---------- Information provided
Lemma mcr_nmnm a b j : mcr (nmnm a b) j = a j.
Proof. by rewrite /mcr mnmE (unsplitK (inl j)). Qed.

Lemma man_nmnm a b j : man (nmnm a b) j = b j.
Proof. by rewrite /man mnmE (unsplitK (inr j)). Qed.

Lemma mdeg_nmnm a b : mdeg (nmnm a b) = (\sum_(j < n) a j + \sum_(j < n) b j)%N.
Proof.
rewrite mdeg_split; congr (_ + _)%N; apply: eq_bigr => j _;
  [exact: mcr_nmnm | exact: man_nmnm].
Qed.

Lemma eq_nmnm a b a' b' : a =1 a' -> b =1 b' -> nmnm a b = nmnm a' b'.
Proof. by move=> eq_a eq_b; apply/mnmP => i; rewrite !mnmE; case: split. Qed.

Lemma nmnm_mcr_man w : w = nmnm (mcr w) (man w).
Proof.
by apply/mnmP => i; rewrite mnmE -[i]splitK; case: (split i) => j; rewrite unsplitK.
Qed.

Lemma nmnmD a b a' b' :
  (nmnm a b + nmnm a' b')%MM = nmnm (fun j => a j + a' j)%N (fun j => b j + b' j)%N.
Proof.
by rewrite [LHS]nmnm_mcr_man; apply: eq_nmnm => j; rewrite ?mcrD ?manD ?mcr_nmnm ?man_nmnm.
Qed.

Lemma lower_mode_nmnm k a b :
  lower_mode k (nmnm a b) = nmnm (fun j => a j - (j == k))%N (fun j => b j - (j == k))%N.
Proof.
by apply/mnmP => i; rewrite !mnmE -[i]splitK; case: (split i) => j;
  rewrite unsplitK ?mode_lshift ?mode_rshift.
Qed.

Definition gen_mnm (g : gen n) : 'X_{1..n + n} :=
  match g with Cr j => U_(lshift n j) | An j => U_(rshift n j) end.

Lemma gen_valE g : gen_val C g = 'X_[gen_mnm g].
Proof. by case: g. Qed.

Lemma mdeg_cr_cons g m j : mdeg_cr (g :: m) j = (mcr (gen_mnm g) j + mdeg_cr m j)%N.
Proof. by case: g => i; rewrite /mcr /= mnm1E ?eq_lshift ?eq_rlshift. Qed.

Lemma mdeg_an_cons g m j : mdeg_an (g :: m) j = (man (gen_mnm g) j + mdeg_an m j)%N.
Proof. by case: g => i; rewrite /man /= mnm1E ?eq_rshift ?eq_lrshift. Qed.

Definition word_mnm m := nmnm (mdeg_cr m) (mdeg_an m).

Lemma word_mnm_nil : word_mnm [::] = 0%MM.
Proof. by apply/mnmP => i; rewrite mnmE mnm0E; case: split. Qed.

Lemma word_mnm_cons g m : word_mnm (g :: m) = (gen_mnm g + word_mnm m)%MM.
Proof.
rewrite [RHS]nmnm_mcr_man; apply: eq_nmnm => j.
  by rewrite mdeg_cr_cons mcrD mcr_nmnm.
by rewrite mdeg_an_cons manD man_nmnm.
Qed.

Lemma word_val_lead m : lead_monic (word_val C m) (word_mnm m).
Proof.
elim: m => [|g m [Pg Pw]] /=.
  by rewrite word_mnm_nil; split=> [|w /negbTE nw _]; rewrite mcoeff1 ?eqxx ?nw.
rewrite word_mnm_cons gen_valE; set P := word_val C m; set g0 := word_mnm m.
have lt_g0 v : v \in msupp P -> v != g0 -> (mdeg v < mdeg g0)%N.
  move=> Pv nv; rewrite ltnNge; apply: contraTN Pv => /(Pw v nv) P0.
  by rewrite mcoeff_msupp P0 eqxx.
split => [|w nw hw]; rewrite mcoeff_wmulX.
  rewrite (bigD1_seq g0) ?msupp_uniq ?mcoeff_msupp ?Pg ?oner_neq0 //= mul1r.
  rewrite mcoeff_mono_mul_lead ?eqxx ?mdegD // big1_seq ?addr0 // => v /andP[nv Pv].
  rewrite mcoeff_mono_mul_lead ?eqm_add2l ?(negbTE nv) ?mulr0 //.
  by have := lt_g0 v Pv nv; rewrite mdegD; lia.
rewrite big1_seq // => v /andP[_ Pv]; move: hw; rewrite mdegD => hw.
have [-> | nv] := eqVneq v g0.
  by rewrite mcoeff_mono_mul_lead ?[_ == w]eq_sym ?(negbTE nw) ?mulr0 //; lia.
have lt_v := lt_g0 v Pv nv.
rewrite mcoeff_mono_mul_lead; last lia.
by case: eqP => [e | _]; [move: hw; rewrite -e mdegD; lia | rewrite mulr0].
Qed.

Lemma word_val_charge m w : (word_val C m)@_w != 0 ->
  forall j, (mcr w j + mdeg_an m j = man w j + mdeg_cr m j)%N.
Proof.
elim: m w => [|g m IH] w.
  rewrite /= mcoeff1; have [-> _ j | _] := eqVneq w 0%MM; last by rewrite eqxx.
  by rewrite /mcr /man !mnm0E.
move=> nz j; rewrite mdeg_cr_cons mdeg_an_cons; apply/eqP; apply: contraNT nz => charge.
rewrite /= gen_valE mcoeff_wmulX big1_seq // => v /andP[_ Pv].
have [-> | nzv] := eqVneq ((mono_mul C (gen_mnm g) v)@_w) 0; first by rewrite mulr0.
move: Pv; rewrite mcoeff_msupp => /IH /(_ j) IHv.
have := mono_mul_charge nzv j; move: charge IHv; lia.
Qed.

Lemma mdeg_cr_adj m j : mdeg_cr (word_adj m) j = mdeg_an m j.
Proof. by rewrite /mdeg_cr /mdeg_an /word_adj count_rev count_map; apply: eq_count => -[]. Qed.

Lemma mdeg_an_adj m j : mdeg_an (word_adj m) j = mdeg_cr m j.
Proof. by rewrite /mdeg_cr /mdeg_an /word_adj count_rev count_map; apply: eq_count => -[]. Qed.

Lemma word_mnm_adj m : word_mnm (word_adj m) = nmnm (mdeg_an m) (mdeg_cr m).
Proof. exact: eq_nmnm (mdeg_cr_adj m) (mdeg_an_adj m). Qed.

Lemma mdeg_word_mnm_adj m : mdeg (word_mnm (word_adj m)) = mdeg (word_mnm m).
Proof. by rewrite word_mnm_adj !mdeg_nmnm addnC. Qed.

Lemma word_val_supp_diag m :
  (forall j, mdeg_cr m j = mdeg_an m j) -> supp_diag (word_val C m).
Proof. by move=> dm w /word_val_charge charge j; have := charge j; rewrite dm; lia. Qed.

End Words.

Section Degree.
Variables (C : numClosedFieldType) (n : nat).
Implicit Types (P : W C n) (w : 'X_{1..n + n}).

Lemma wdeg_mdeg P w0 : P@_w0 != 0 -> deg_le P (mdeg w0) -> wdeg P = Some (mdeg w0).
Proof.
move=> Pw0 hP; have nzP : P != 0 by apply: contraNneq Pw0 => ->; rewrite mcoeff0.
have sz0 : (0 < msize P)%N by rewrite lt0n msize_poly_eq0.
rewrite /wdeg (negbTE nzP); congr Some; apply/eqP; rewrite -eqSS prednK //.
rewrite eqn_leq msize_mdeg_lt ?mcoeff_msupp // andbT msizeE.
by apply/bigmax_leqP_seq => u Pu _; rewrite ltnS (msupp_deg_le hP Pu).
Qed.

Lemma wdeg_lt_mcoeff P d : (forall w, (d <= mdeg w)%N -> P@_w = 0) -> wdeg_lt P d.
Proof.
move=> hP; rewrite /wdeg_lt /wdeg; case: eqP => // /eqP nzP.
have : (msize P <= d)%N.
  rewrite msizeE; apply/bigmax_leqP_seq => u; rewrite mcoeff_msupp => Pu _.
  by rewrite leqNgt ltnS; apply: contra Pu => /hP ->.
by rewrite -ltnS prednK // lt0n msize_poly_eq0.
Qed.

End Degree.
Section Commutator.
Variables (C : numClosedFieldType) (n : nat) (m : seq (gen n)).
Local Notation al := (mdeg_cr m).
Local Notation be := (mdeg_an m).
Local Notation A := (word_val C (word_adj m)).
Local Notation B := (word_val C m).
Local Notation D := (mdeg (word_mnm m)).

Lemma wcomm_gplus_gminus_diag : (forall j, al j = be j) ->
  wcomm (gplus C m) (gminus C m) = 0.
Proof.
move=> diag; have dB := word_val_supp_diag diag.
have dA : supp_diag A.
  by apply: word_val_supp_diag => j; rewrite mdeg_cr_adj mdeg_an_adj.
rewrite /gplus /gminus wcomm_plus_minus -[wmul B A - _]/(wcomm B A).
by rewrite wcomm_supp_diag // mul0rn scaler0.
Qed.

Definition corr_exp (k j : 'I_n) : nat := (al j + be j - (j == k))%N.
Local Notation corr_mnm k := (nmnm (corr_exp k) (corr_exp k)).

Definition wcomm_corr : W C n :=
  \sum_(k < n) ((((al k) ^ 2)%:R - ((be k) ^ 2)%:R) *: nbasis C (corr_exp k) (corr_exp k)).

Lemma mcoeff_wcomm_corr w : wcomm_corr@_w =
  \sum_(k < n) (((al k) ^ 2)%:R - ((be k) ^ 2)%:R) * (corr_mnm k == w)%:R.
Proof. by rewrite raddf_sum; apply: eq_bigr => k _; rewrite /= mcoeffZ mcoeffX. Qed.

Lemma lower_mode_lead k :
  lower_mode k (word_mnm m + word_mnm (word_adj m))%MM = corr_mnm k.
Proof.
rewrite word_mnm_adj /word_mnm nmnmD lower_mode_nmnm.
by apply: eq_nmnm => j; rewrite /corr_exp // addnC.
Qed.

Lemma mcoeff_wcomm_top w : (0 < D)%N -> (D + D <= (mdeg w).+2)%N ->
  (wcomm (gplus C m) (gminus C m))@_w = - (2 * 'i) * wcomm_corr@_w.
Proof.
move=> D0 hw; have lA := word_val_lead C (word_adj m); have lB := word_val_lead C m.
rewrite /gplus /gminus wcomm_plus_minus -[wmul B A - _]/(wcomm B A) mcoeffZ mcoeffMn.
rewrite (mcoeff_wcomm_lead lB lA) ?mdeg_word_mnm_adj //.
rewrite mcoeff_mono_mul_comm ?mdeg_word_mnm_adj // mcoeff_wcomm_corr.
have -> : \sum_(j < n) (lower_mode j (word_mnm m + word_mnm (word_adj m))%MM == w)%:R *
    ((man (word_mnm m) j * mcr (word_mnm (word_adj m)) j)%:R -
     (man (word_mnm (word_adj m)) j * mcr (word_mnm m) j)%:R) =
  - \sum_(k < n) (((al k) ^ 2)%:R - ((be k) ^ 2)%:R : C) * (corr_mnm k == w)%:R.
  rewrite -sumrN; apply: eq_bigr => k _.
  rewrite lower_mode_lead word_mnm_adj !mcr_nmnm !man_nmnm !mulnn.
  by rewrite mulrC -mulNr opprB.
by rewrite -mulr_natl; ring.
Qed.

Lemma mdeg_corr_mnm k : (0 < al k + be k)%N -> (mdeg (corr_mnm k) + 2 = D + D)%N.
Proof.
move=> xk; have := @sum_sub_delta n (fun j => al j + be j)%N k xk.
rewrite /word_mnm !mdeg_nmnm /corr_exp big_split /=.
lia.
Qed.

Lemma corr_mnm_inj k j : (0 < al j + be j)%N -> corr_mnm k = corr_mnm j -> k = j.
Proof.
move=> xj /(congr1 (fun u => mcr u j)); rewrite !mcr_nmnm /corr_exp eqxx.
have [-> // | /negbTE njk] := eqVneq j k.
by change (nat_of_bool false) with 0%N; change (nat_of_bool true) with 1%N; lia.
Qed.

Lemma mcoeff_wcomm_corr_high w : (D + D <= (mdeg w).+1)%N -> wcomm_corr@_w = 0.
Proof.
move=> hw; rewrite mcoeff_wcomm_corr big1 // => k _.
have [/eqP | xk] := posnP (al k + be k).
  by rewrite addn_eq0 => /andP[/eqP-> /eqP->]; rewrite subrr mul0r.
case: eqP => [e | _]; last by rewrite mulr0.
by have := mdeg_corr_mnm xk; rewrite e; lia.
Qed.

Section NonDiagonal.
Variable j0 : 'I_n.
Hypothesis al_neq_be : al j0 != be j0.

Lemma al_be_gt0 : (0 < al j0 + be j0)%N.
Proof. by rewrite lt0n addn_eq0; apply: contra al_neq_be => /andP[/eqP-> /eqP->]. Qed.

Lemma word_mnm_gt0 : (0 < D)%N.
Proof.
have := mcr_le_mdeg (word_mnm m) j0; have := man_le_mdeg (word_mnm m) j0.
by rewrite mcr_nmnm man_nmnm; have := al_be_gt0; lia.
Qed.

Lemma word_mnm_adj_neq : word_mnm (word_adj m) != word_mnm m.
Proof.
apply: contra al_neq_be => /eqP /(congr1 (fun u => mcr u j0)).
by rewrite word_mnm_adj !mcr_nmnm => ->.
Qed.

Lemma mcoeff_word_val_adj_lead : A@_(word_mnm m) = 0.
Proof.
have [_ Aw] := word_val_lead C (word_adj m).
by rewrite Aw ?mdeg_word_mnm_adj // eq_sym word_mnm_adj_neq.
Qed.

Lemma wdeg_gplus : wdeg (gplus C m) = Some D.
Proof.
have [Bg _] := word_val_lead C m; have hA := lead_monic_deg_le (word_val_lead C (word_adj m)).
apply: wdeg_mdeg => [|w hw]; rewrite mcoeffZ mcoeffD.
  by rewrite mcoeff_word_val_adj_lead Bg add0r mulr1 neq0Ci.
by rewrite (lead_monic_deg_le (word_val_lead C m)) ?hA ?mdeg_word_mnm_adj // addr0 mulr0.
Qed.

Lemma wdeg_gminus : wdeg (gminus C m) = Some D.
Proof.
have [Bg _] := word_val_lead C m; have hA := lead_monic_deg_le (word_val_lead C (word_adj m)).
apply: wdeg_mdeg => [|w hw]; rewrite mcoeffB.
  by rewrite mcoeff_word_val_adj_lead Bg sub0r oppr_eq0 oner_neq0.
by rewrite (lead_monic_deg_le (word_val_lead C m)) ?hA ?mdeg_word_mnm_adj // subr0.
Qed.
--------------------
→ Task statement
From the records, copy out each line that includes the string "last".

→ Solution to the problem
rewrite mcoeff_mono_mul_lead; last lia.
  rewrite /= mcoeff1; have [-> _ j | _] := eqVneq w 0%MM; last by rewrite eqxx.
case: eqP => [e | _]; last by rewrite mulr0.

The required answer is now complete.